**Task prompt**
Only the lines from the top of the data through the one with "else false." are to be written out, each exactly as it stands.

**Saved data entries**
☆ ☆ ☆ ☆ ☆ ☆ ☆

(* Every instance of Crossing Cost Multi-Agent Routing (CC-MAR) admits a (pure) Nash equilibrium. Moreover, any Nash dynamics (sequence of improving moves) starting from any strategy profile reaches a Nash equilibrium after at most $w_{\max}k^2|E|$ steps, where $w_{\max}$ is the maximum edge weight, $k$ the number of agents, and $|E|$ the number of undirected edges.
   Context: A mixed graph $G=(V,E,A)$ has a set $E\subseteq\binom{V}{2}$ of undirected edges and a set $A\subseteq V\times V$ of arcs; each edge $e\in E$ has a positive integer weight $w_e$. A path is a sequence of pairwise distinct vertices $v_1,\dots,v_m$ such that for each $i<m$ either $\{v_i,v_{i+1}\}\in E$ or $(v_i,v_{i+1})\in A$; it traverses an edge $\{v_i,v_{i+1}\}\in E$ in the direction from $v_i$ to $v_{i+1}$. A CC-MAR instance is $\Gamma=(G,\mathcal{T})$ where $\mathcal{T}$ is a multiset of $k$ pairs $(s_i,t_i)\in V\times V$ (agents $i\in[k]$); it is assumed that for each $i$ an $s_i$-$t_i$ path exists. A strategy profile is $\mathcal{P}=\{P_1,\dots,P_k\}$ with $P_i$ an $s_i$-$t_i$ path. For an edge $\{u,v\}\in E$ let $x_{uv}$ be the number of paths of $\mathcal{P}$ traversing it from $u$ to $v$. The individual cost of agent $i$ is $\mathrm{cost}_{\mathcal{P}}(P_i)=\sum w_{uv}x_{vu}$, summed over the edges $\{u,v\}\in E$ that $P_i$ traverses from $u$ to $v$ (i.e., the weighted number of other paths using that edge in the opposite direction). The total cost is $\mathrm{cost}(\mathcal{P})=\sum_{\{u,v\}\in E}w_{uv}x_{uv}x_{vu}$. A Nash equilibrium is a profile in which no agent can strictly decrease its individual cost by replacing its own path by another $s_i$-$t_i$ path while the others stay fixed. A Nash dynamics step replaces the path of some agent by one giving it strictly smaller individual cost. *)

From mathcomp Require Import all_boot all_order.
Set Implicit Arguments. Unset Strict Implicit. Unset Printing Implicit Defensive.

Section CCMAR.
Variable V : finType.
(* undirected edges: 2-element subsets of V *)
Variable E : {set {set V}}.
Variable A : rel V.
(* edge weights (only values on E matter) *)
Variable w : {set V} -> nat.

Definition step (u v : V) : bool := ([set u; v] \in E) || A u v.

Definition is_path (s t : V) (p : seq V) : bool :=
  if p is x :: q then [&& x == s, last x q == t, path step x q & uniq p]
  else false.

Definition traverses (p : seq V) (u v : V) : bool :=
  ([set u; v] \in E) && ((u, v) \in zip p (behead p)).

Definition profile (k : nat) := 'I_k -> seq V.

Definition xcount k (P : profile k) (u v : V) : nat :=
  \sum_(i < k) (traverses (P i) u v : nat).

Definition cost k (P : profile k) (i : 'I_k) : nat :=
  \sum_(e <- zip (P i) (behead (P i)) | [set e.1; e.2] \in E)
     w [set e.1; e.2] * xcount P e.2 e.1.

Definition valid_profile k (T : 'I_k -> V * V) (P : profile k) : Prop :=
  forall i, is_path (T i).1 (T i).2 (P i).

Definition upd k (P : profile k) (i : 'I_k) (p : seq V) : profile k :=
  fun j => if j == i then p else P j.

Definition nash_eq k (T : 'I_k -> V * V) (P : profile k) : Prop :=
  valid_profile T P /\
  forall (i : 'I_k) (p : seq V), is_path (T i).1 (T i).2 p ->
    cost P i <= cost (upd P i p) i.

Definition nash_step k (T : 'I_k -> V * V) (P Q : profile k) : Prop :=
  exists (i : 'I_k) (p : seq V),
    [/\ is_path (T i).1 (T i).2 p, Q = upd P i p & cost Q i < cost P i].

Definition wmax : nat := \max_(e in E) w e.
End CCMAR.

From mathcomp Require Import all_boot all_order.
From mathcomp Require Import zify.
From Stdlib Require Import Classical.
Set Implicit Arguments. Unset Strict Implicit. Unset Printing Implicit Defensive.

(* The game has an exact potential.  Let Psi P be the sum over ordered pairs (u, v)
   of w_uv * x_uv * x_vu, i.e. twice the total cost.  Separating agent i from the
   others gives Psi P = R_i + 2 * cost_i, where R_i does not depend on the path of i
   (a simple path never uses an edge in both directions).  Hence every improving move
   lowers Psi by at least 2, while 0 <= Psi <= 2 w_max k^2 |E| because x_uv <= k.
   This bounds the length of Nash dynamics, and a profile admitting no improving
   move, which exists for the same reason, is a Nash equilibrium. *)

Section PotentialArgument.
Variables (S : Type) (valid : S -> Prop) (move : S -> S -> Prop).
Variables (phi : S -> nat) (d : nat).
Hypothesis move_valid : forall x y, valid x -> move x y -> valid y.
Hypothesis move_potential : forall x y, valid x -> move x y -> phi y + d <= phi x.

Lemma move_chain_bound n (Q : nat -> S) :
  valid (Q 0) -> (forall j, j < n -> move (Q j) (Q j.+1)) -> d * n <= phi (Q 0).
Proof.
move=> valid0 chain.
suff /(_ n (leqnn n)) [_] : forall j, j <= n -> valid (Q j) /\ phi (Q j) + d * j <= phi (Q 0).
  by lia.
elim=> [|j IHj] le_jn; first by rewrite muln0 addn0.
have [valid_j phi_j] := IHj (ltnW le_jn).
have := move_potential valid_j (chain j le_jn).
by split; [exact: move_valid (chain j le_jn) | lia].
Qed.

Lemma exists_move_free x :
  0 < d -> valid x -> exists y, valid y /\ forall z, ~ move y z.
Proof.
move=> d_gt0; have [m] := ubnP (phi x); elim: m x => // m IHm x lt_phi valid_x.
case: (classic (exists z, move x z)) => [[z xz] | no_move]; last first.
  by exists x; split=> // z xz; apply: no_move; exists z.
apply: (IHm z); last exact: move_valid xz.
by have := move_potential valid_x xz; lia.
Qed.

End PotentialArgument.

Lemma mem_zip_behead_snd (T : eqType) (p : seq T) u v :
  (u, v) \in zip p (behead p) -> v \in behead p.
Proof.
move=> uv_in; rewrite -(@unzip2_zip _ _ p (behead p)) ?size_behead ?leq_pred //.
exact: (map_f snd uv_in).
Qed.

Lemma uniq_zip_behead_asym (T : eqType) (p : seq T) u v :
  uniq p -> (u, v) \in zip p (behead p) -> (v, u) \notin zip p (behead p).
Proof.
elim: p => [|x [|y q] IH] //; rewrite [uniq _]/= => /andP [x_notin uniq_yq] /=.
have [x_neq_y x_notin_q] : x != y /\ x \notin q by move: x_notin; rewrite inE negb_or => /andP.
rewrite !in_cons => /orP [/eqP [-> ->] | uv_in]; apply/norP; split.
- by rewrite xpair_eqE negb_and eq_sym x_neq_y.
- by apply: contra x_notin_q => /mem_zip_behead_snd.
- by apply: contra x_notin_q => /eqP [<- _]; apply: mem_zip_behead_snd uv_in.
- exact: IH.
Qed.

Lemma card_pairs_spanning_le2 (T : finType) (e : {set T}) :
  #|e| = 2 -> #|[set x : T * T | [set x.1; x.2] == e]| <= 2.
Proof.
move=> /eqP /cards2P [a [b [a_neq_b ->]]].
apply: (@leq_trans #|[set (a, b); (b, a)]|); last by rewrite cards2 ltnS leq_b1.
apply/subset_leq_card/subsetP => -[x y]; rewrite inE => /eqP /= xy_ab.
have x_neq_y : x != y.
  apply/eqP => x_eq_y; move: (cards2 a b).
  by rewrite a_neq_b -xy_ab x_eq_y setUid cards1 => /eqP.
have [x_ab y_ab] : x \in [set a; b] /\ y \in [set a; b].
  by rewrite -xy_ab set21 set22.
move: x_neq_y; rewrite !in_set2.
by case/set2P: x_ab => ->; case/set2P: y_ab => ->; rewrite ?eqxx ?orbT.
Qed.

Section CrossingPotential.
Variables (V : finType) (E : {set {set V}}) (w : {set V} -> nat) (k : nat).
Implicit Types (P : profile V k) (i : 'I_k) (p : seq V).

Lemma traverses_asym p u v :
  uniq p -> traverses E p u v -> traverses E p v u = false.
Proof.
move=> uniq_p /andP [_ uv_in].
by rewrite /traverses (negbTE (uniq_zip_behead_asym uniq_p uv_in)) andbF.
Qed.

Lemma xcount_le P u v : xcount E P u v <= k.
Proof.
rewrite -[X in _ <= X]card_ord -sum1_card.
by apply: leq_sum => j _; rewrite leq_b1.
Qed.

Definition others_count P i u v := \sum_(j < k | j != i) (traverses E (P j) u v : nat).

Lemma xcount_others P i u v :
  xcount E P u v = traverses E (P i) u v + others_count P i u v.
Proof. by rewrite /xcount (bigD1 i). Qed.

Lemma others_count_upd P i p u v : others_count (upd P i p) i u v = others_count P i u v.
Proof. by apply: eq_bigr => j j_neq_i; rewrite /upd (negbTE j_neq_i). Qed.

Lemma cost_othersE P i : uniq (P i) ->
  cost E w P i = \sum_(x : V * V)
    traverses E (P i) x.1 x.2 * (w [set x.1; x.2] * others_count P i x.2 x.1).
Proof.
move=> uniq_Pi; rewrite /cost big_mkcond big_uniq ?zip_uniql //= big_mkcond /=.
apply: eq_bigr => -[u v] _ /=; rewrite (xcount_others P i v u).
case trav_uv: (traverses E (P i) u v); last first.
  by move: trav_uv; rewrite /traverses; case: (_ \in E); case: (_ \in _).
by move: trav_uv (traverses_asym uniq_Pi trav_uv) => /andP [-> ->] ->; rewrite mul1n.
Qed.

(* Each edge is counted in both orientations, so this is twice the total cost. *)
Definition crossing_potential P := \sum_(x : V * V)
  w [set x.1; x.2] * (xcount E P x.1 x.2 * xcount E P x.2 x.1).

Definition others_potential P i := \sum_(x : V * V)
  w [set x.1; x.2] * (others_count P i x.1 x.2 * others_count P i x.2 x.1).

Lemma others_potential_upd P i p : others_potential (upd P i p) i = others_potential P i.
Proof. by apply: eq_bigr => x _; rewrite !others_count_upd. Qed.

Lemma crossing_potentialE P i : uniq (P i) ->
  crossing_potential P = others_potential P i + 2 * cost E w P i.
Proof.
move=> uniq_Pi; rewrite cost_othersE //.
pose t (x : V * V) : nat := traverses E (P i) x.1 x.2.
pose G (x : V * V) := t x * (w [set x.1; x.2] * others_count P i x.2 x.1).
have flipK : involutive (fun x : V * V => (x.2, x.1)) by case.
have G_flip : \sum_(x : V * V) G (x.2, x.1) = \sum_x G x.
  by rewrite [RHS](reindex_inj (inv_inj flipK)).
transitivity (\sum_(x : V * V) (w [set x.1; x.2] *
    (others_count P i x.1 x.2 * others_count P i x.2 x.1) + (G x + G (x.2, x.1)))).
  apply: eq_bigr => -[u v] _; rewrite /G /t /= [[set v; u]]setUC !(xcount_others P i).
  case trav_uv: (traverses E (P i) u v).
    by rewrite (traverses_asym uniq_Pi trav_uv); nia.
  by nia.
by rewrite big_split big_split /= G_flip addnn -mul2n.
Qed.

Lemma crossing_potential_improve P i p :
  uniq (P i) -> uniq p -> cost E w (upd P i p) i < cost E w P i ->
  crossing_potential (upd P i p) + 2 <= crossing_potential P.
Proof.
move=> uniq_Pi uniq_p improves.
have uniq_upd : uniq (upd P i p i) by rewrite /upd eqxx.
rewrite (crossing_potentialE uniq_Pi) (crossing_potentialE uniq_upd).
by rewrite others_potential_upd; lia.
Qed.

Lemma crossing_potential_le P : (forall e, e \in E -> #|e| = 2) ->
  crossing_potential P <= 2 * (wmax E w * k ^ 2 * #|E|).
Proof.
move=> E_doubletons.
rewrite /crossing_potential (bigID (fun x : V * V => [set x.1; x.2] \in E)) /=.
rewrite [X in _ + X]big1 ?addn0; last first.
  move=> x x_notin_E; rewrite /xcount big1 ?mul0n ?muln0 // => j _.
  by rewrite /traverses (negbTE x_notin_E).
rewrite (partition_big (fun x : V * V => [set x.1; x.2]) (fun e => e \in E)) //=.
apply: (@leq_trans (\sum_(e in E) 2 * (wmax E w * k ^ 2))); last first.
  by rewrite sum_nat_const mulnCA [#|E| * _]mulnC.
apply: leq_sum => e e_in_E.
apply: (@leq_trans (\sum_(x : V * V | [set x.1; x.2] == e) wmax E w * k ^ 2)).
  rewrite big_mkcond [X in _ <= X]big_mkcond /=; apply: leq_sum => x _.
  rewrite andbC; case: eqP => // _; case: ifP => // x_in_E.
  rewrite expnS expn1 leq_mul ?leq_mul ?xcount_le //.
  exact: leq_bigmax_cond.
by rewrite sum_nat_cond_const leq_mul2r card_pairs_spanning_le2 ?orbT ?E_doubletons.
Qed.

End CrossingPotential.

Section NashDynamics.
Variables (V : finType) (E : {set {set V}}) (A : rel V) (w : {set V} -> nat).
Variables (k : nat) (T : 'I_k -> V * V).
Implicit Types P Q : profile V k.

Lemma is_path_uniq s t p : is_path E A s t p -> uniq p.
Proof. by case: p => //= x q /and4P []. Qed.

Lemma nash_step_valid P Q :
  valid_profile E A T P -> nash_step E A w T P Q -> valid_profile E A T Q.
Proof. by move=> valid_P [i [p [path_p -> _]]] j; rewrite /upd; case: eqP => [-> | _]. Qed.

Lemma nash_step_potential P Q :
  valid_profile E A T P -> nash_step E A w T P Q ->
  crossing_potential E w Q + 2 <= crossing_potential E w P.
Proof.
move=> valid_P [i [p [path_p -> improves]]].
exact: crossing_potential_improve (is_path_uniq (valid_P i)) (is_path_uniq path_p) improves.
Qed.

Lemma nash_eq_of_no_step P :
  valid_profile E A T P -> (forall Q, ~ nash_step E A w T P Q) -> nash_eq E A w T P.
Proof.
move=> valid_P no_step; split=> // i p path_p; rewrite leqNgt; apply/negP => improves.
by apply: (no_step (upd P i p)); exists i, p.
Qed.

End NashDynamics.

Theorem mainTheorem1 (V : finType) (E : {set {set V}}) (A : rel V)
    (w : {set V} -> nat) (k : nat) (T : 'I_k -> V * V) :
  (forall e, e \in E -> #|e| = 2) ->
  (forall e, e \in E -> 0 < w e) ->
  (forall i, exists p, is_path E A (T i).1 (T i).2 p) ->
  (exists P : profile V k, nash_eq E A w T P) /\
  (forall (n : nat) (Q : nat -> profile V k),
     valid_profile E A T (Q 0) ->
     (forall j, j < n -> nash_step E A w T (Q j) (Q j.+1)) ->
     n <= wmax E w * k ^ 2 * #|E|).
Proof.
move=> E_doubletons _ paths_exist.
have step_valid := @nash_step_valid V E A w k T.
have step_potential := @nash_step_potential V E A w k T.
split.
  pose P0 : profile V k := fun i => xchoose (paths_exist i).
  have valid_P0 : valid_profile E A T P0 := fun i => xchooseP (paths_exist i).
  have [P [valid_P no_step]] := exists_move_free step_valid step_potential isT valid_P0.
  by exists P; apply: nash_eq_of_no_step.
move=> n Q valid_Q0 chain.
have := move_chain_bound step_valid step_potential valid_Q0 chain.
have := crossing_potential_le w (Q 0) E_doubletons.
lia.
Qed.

☆ ☆ ☆ ☆ ☆ ☆ ☆

**Answer area**
(* Every instance of Crossing Cost Multi-Agent Routing (CC-MAR) admits a (pure) Nash equilibrium. Moreover, any Nash dynamics (sequence of improving moves) starting from any strategy profile reaches a Nash equilibrium after at most $w_{\max}k^2|E|$ steps, where $w_{\max}$ is the maximum edge weight, $k$ the number of agents, and $|E|$ the number of undirected edges.
   Context: A mixed graph $G=(V,E,A)$ has a set $E\subseteq\binom{V}{2}$ of undirected edges and a set $A\subseteq V\times V$ of arcs; each edge $e\in E$ has a positive integer weight $w_e$. A path is a sequence of pairwise distinct vertices $v_1,\dots,v_m$ such that for each $i<m$ either $\{v_i,v_{i+1}\}\in E$ or $(v_i,v_{i+1})\in A$; it traverses an edge $\{v_i,v_{i+1}\}\in E$ in the direction from $v_i$ to $v_{i+1}$. A CC-MAR instance is $\Gamma=(G,\mathcal{T})$ where $\mathcal{T}$ is a multiset of $k$ pairs $(s_i,t_i)\in V\times V$ (agents $i\in[k]$); it is assumed that for each $i$ an $s_i$-$t_i$ path exists. A strategy profile is $\mathcal{P}=\{P_1,\dots,P_k\}$ with $P_i$ an $s_i$-$t_i$ path. For an edge $\{u,v\}\in E$ let $x_{uv}$ be the number of paths of $\mathcal{P}$ traversing it from $u$ to $v$. The individual cost of agent $i$ is $\mathrm{cost}_{\mathcal{P}}(P_i)=\sum w_{uv}x_{vu}$, summed over the edges $\{u,v\}\in E$ that $P_i$ traverses from $u$ to $v$ (i.e., the weighted number of other paths using that edge in the opposite direction). The total cost is $\mathrm{cost}(\mathcal{P})=\sum_{\{u,v\}\in E}w_{uv}x_{uv}x_{vu}$. A Nash equilibrium is a profile in which no agent can strictly decrease its individual cost by replacing its own path by another $s_i$-$t_i$ path while the others stay fixed. A Nash dynamics step replaces the path of some agent by one giving it strictly smaller individual cost. *)

From mathcomp Require Import all_boot all_order.
Set Implicit Arguments. Unset Strict Implicit. Unset Printing Implicit Defensive.

Section CCMAR.
Variable V : finType.
(* undirected edges: 2-element subsets of V *)
Variable E : {set {set V}}.
Variable A : rel V.
(* edge weights (only values on E matter) *)
Variable w : {set V} -> nat.

Definition step (u v : V) : bool := ([set u; v] \in E) || A u v.

Definition is_path (s t : V) (p : seq V) : bool :=
  if p is x :: q then [&& x == s, last x q == t, path step x q & uniq p]
  else false.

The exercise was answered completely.